::: AVAILABLE DATA
(* Let $\mathscr V\subset\mathbb{R}_{\max}^n$ be a max-plus cone with full support. If $\mathscr V$ is contained in a half-space $\mathscr H$, then there exists a half-space $\mathscr H'$ such that $\mathscr V\subset\mathscr H'\subset\mathscr H$ and $\mathscr H'$ is minimal for inclusion among half-spaces containing $\mathscr V$ (i.e. there is no half-space $\mathscr H''$ with $\mathscr V\subset\mathscr H''\subsetneq\mathscr H'$).
   Context: $\mathbb{R}_{\max}=\mathbb{R}\cup\{-\infty\}$ with $a\oplus b=\max(a,b)$, $ab=a+b$. A max-plus cone is a set $\mathscr V\subset\mathbb{R}_{\max}^n$ with $\lambda u\oplus\mu v\in\mathscr V$ for all $u,v\in\mathscr V$, $\lambda,\mu\in\mathbb{R}_{\max}$ (entrywise operations). A half-space of $\mathbb{R}_{\max}^n$ is a set $\{x:\bigoplus_{i=1}^n a_ix_i\le\bigoplus_{j=1}^n b_jx_j\}$ with $a,b\in\mathbb{R}_{\max}^n$. $\mathscr V$ has full support if for every $k\in\{1,\dots,n\}$ some $v\in\mathscr V$ has $v_k\neq-\infty$. *)

From mathcomp Require Import all_boot all_order all_algebra.
From mathcomp Require Import reals.
Set Implicit Arguments. Unset Strict Implicit. Unset Printing Implicit Defensive.
Import Order.TTheory GRing.Theory Num.Theory.
Local Open Scope ring_scope.

(* R_max = R ∪ {-oo}; None encodes -oo. *)
Definition rmax (R : realType) := option R.

Definition madd (R : realType) (a b : rmax R) : rmax R :=
  match a, b with
  | None, _ => b
  | _, None => a
  | Some x, Some y => Some (Num.max x y)
  end.

Definition mmul (R : realType) (a b : rmax R) : rmax R :=
  match a, b with
  | Some x, Some y => Some (x + y)
  | _, _ => None
  end.

Definition mle (R : realType) (a b : rmax R) : Prop :=
  match a, b with
  | None, _ => True
  | Some _, None => False
  | Some x, Some y => x <= y
  end.

Definition mvec (R : realType) (n : nat) := 'I_n -> rmax R.

Definition mdot (R : realType) (n : nat) (a x : mvec R n) : rmax R :=
  \big[@madd R/None]_(i < n) mmul (a i) (x i).

Definition mp_cone (R : realType) (n : nat) (V : mvec R n -> Prop) : Prop :=
  forall u v : mvec R n, V u -> V v -> forall lam mu : rmax R,
    V (fun i => madd (mmul lam (u i)) (mmul mu (v i))).

Definition full_support (R : realType) (n : nat) (V : mvec R n -> Prop) : Prop :=
  forall k : 'I_n, exists v, V v /\ v k <> None.

Definition halfspace (R : realType) (n : nat) (a b : mvec R n) : mvec R n -> Prop :=
  fun x => mle (mdot a x) (mdot b x).

Definition msubset (R : realType) (n : nat) (A B : mvec R n -> Prop) : Prop :=
  forall x, A x -> B x.

From mathcomp Require Import all_boot all_order all_algebra.
From mathcomp Require Import reals.
From mathcomp Require Import boolp classical_sets.
From HB Require Import structures.
Set Implicit Arguments. Unset Strict Implicit. Unset Printing Implicit Defensive.
Import Order.TTheory GRing.Theory Num.Theory.
Local Open Scope ring_scope.

(* Any half-space can be written H(a, b) with disjoint supports (a_i = -oo or
   b_i = -oo for every i) without changing it.  Starting from a proper
   half-space H(a, b) with V ⊆ H(a, b) ⊆ H, lower each b_j as far as V
   allows, then raise each a_k facing b_k = -oo as far as V allows; these optima
   exist by completeness of R (max-plus residuation), and full support keeps the
   raised a_k finite.  If V ⊆ H(c, d) ⊆ H(a, b) with (c, d) disjointly supported,
   testing the inclusion on vectors supported on one or two coordinates yields a
   scalar l with a <= l c and l d <= b; extremality of (a, b) then forces
   l c <= a and b <= l d, so H(a, b) ⊆ H(c, d).  If no proper half-space lies
   between V and H, H itself is minimal. *)

Section MaxPlusScalars.
Variable R : realType.
Implicit Types p q r s t u : rmax R.

Definition mleb p q : bool :=
  match p, q with
  | None, _ => true
  | Some _, None => false
  | Some x, Some y => x <= y
  end.

Lemma mleP p q : reflect (mle p q) (mleb p q).
Proof. by case: p => [x|]; case: q => [y|] /=; [apply: idP | constructor..]. Qed.

Lemma mle_refl p : mle p p.
Proof. by case: p => /=. Qed.

Lemma mle_trans q p r : mle p q -> mle q r -> mle p r.
Proof. by case: p => [x|] //; case: q => [y|] //; case: r => [z|] //; apply: le_trans. Qed.

Lemma mle_None p : mle p None -> p = None.
Proof. by case: p. Qed.

Lemma maddA : associative (@madd R).
Proof. by case=> [x|] [y|] [z|] //=; rewrite maxA. Qed.

Lemma maddC : commutative (@madd R).
Proof. by case=> [x|] [y|] //=; rewrite maxC. Qed.

Lemma madd0m : left_id None (@madd R).
Proof. by case. Qed.

HB.instance Definition _ := Monoid.isComLaw.Build (rmax R) None (@madd R) maddA maddC madd0m.

Lemma madd_sel p q : madd p q = p \/ madd p q = q.
Proof.
case: p => [x|]; case: q => [y|] /=; auto.
by rewrite /Num.max; case: ifP; auto.
Qed.

Lemma ge_madd p q r : mle (madd p q) r <-> mle p r /\ mle q r.
Proof.
case: p => [x|]; case: q => [y|] /=; try tauto.
by case: r => [z|] /=; [rewrite ge_max; split => [/andP[]|[-> ->]] | tauto].
Qed.

Lemma mle_maddl p q : mle p (madd p q).
Proof. by have /ge_madd[] := mle_refl (madd p q). Qed.

Lemma mle_maddr p q : mle q (madd p q).
Proof. by have /ge_madd[] := mle_refl (madd p q). Qed.

Lemma le_madd p q r : mle p (madd q r) <-> mle p q \/ mle p r.
Proof.
split; first by case: (madd_sel q r) => ->; auto.
by case=> pq; [exact: mle_trans pq (mle_maddl _ _) | exact: mle_trans pq (mle_maddr _ _)].
Qed.

Lemma mmulp0 p : mmul p None = None.
Proof. by case: p. Qed.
::::::
- _WORK INSTRUCTION_: Could you state the number of lines above in which the word "apply" appears? Give that number by itself.

- _WRITTEN SOLUTION_: 2